Whenever I leave work before six o’clock, she always manages to mutter, “Not putting in a full day, huh?” Or, if I wear a knee-length skirt, she quips, “Don’t you want your sources to respect you?”

Aimee says I should get away from Carol as soon as possible because she’s the kind of woman who will wear my looks away with stress, jealousy, and hatred. “She’s a free radical brought to life,” Aimee said.

She nudges me and rolls her eyes to the left of the bar. I wait a few seconds before I glance in the direction of Baylor Jones, a trial lawyer known for his wavy dark hair (does he dye it?) and his client list, which has included Enron’s most wanted. He has the money and shoulders to wear Armani and the charm of a “truh suthun genulmun.” He’s sitting with two other men in suits and tightly knotted Brioni ties.

“See the guy next to Baylor? He’s my target,” Aimee says.

Aimee is cunning enough to be a lawyer herself. She was accepted into Stanford law school, but thought it would use up too many of her peak appearance years. Instead, she got hitched. But her then-husband didn’t stop dating other women during their marriage, including several of her former sorority sisters. After he passed along gonorrhea, he tried to explain it to her by saying there are the girls you marry—the cute, smart ones like Aimee—and the others you had fun with. Aimee laughed in his face and took the house, a lovely 1930s Frank Lloyd Wright adaptation with open rooms and beautiful wood floors. That’s where I live now.

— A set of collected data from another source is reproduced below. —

(* Let $\Gamma((r^S)_{S\subseteq I})$ be a quitting game satisfying $r^i_i=0$ for all $i\in I$. If all players are abnormal (i.e. $I_*=\emptyset$), then for every $\varepsilon>0$ the game has a stationary $\varepsilon$-equilibrium.
   Context: A quitting game $\Gamma((r^S)_{S\subseteq I})$: finite player set $I=[N]$, vectors $r^S\in[-1,1]^N$ for all $S\subseteq I$; at each stage $t\in\mathbb N$ each player chooses to continue or quit; with $t^*$ the first stage at which some player quits and $S^*$ the set of players quitting then ($S^*=\emptyset$ if nobody ever quits), the payoff is $r^{S^*}$. Write $r^i:=r^{\{i\}}$. A (behavior) strategy of player $i$ is a sequence $x_i=(x_i^t)_{t\in\mathbb N}\subset[0,1]$, $x_i^t$ being the probability of quitting at stage $t$ if nobody quit before; it is stationary if $x_i^t$ does not depend on $t$. $\gamma(x):=\mathbb E_x[r^{S^*}]$. A profile $x$ is an $\varepsilon$-equilibrium if $\gamma_i(x)\ge\gamma_i(x_i',x_{-i})-\varepsilon$ for all $i$ and all strategies $x_i'$. Normal players: $I_0:=I$, $I_{l+1}:=\{i\in I_l:\ \exists j\in I_l,\ j\neq i,\ r^j_i\le0\}$, and $I_*:=\bigcap_{l}I_l$. Players in $I_*$ are normal, the others abnormal. *)

From Stdlib Require Import Reals Lra Lia List Arith.
Import ListNotations.
Open Scope R_scope.

(* Players are 0, ..., N-1.  A subset S of players is a list of booleans of
   length N; player i belongs to S iff nth i S false = true. *)
Definition mem (S : list bool) (i : nat) : bool := nth i S false.

Fixpoint all_subsets (n : nat) : list (list bool) :=
  match n with
  | O => [nil]
  | Datatypes.S m => flat_map (fun l => [false :: l; true :: l]) (all_subsets m)
  end.

Definition empty_set (N : nat) : list bool := repeat false N.
Definition singleton (N j : nat) : list bool := map (fun k => Nat.eqb k j) (seq 0 N).
Definition nonempty (S : list bool) : bool := existsb (fun b => b) S.

Definition Rsum_list (l : list R) : R := fold_right Rplus 0 l.
Definition Rprod_upto (n : nat) (f : nat -> R) : R := fold_right Rmult 1 (map f (seq 0 n)).

(* Payoff function: r S i = r^S_i. *)
Definition payoffs := list bool -> nat -> R.

(* A strategy profile: x i t = probability that player i quits at stage t
   (stages indexed from 0) given nobody quit before. *)
Definition profile := nat -> nat -> R.

Definition is_strategy (y : nat -> R) : Prop := forall t, 0 <= y t <= 1.
Definition is_profile (N : nat) (x : profile) : Prop :=
  forall i, (i < N)%nat -> is_strategy (x i).
Definition stationary (N : nat) (x : profile) : Prop :=
  forall i t, (i < N)%nat -> x i t = x i 0%nat.

Definition stage_prob (N : nat) (x : profile) (S : list bool) (t : nat) : R :=
  Rprod_upto N (fun i => if mem S i then x i t else 1 - x i t).

Definition cont_prob (N : nat) (x : profile) (t : nat) : R :=
  Rprod_upto N (fun i => 1 - x i t).
Definition surv (N : nat) (x : profile) (t : nat) : R :=
  Rprod_upto t (cont_prob N x).

(* Expected payoff of player i when the game is stopped after n stages with
   payoff r^emptyset if nobody has quit.  Its limit as n -> oo is
   gamma_i(x) = E_x[r^{S*}_i]. *)
Definition partial_payoff (N : nat) (r : payoffs) (x : profile) (i n : nat) : R :=
  Rsum_list (map (fun t =>
      surv N x t *
      Rsum_list (map (fun S => stage_prob N x S t * r S i)
                     (filter nonempty (all_subsets N))))
    (seq 0 n))
  + surv N x n * r (empty_set N) i.

Definition payoff_is (N : nat) (r : payoffs) (x : profile) (i : nat) (v : R) : Prop :=
  Un_cv (partial_payoff N r x i) v.

Definition deviate (x : profile) (i : nat) (y : nat -> R) : profile :=
  fun j => if Nat.eqb j i then y else x j.

Definition eps_equilibrium (N : nat) (r : payoffs) (eps : R) (x : profile) : Prop :=
  is_profile N x /\
  forall i, (i < N)%nat ->
    exists v, payoff_is N r x i v /\
      forall y, is_strategy y ->
        forall v', payoff_is N r (deviate x i y) i v' -> v >= v' - eps.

After the divorce, Aimee got smart. She decided she was going to treat marriage like a business investment because she says, “Next time I’m gonna get something more out of it than a broken heart and a disease.” She wants to marry rich and performs the due diligence to ensure that she will. So many people in Dallas are credit rich but cash poor. They lease cars, rent houses, and expense dinners. Instead of being stuck with a huge credit card load and a guy that’s not all he said he was financially, Aimee does intensive research on every potential target. She always googles before she oogles. It helps that she is a paralegal for a high-powered divorce attorney—free access to Lexus Nexus, financial databases, and, when necessary, guys who collect information. If her target is an officer of a public company, she reads SEC documents. She phones secretaries, maid services, and car dealerships, posing as an American Express representative, to find out more information about their liquid assets and how they use them. She doesn’t move in for the kill unless her target is worth more than ten million dollars net, meaning, minus all debts and liens. She has elevated gold-digging to a science. She is a man-hunting entrepreneur.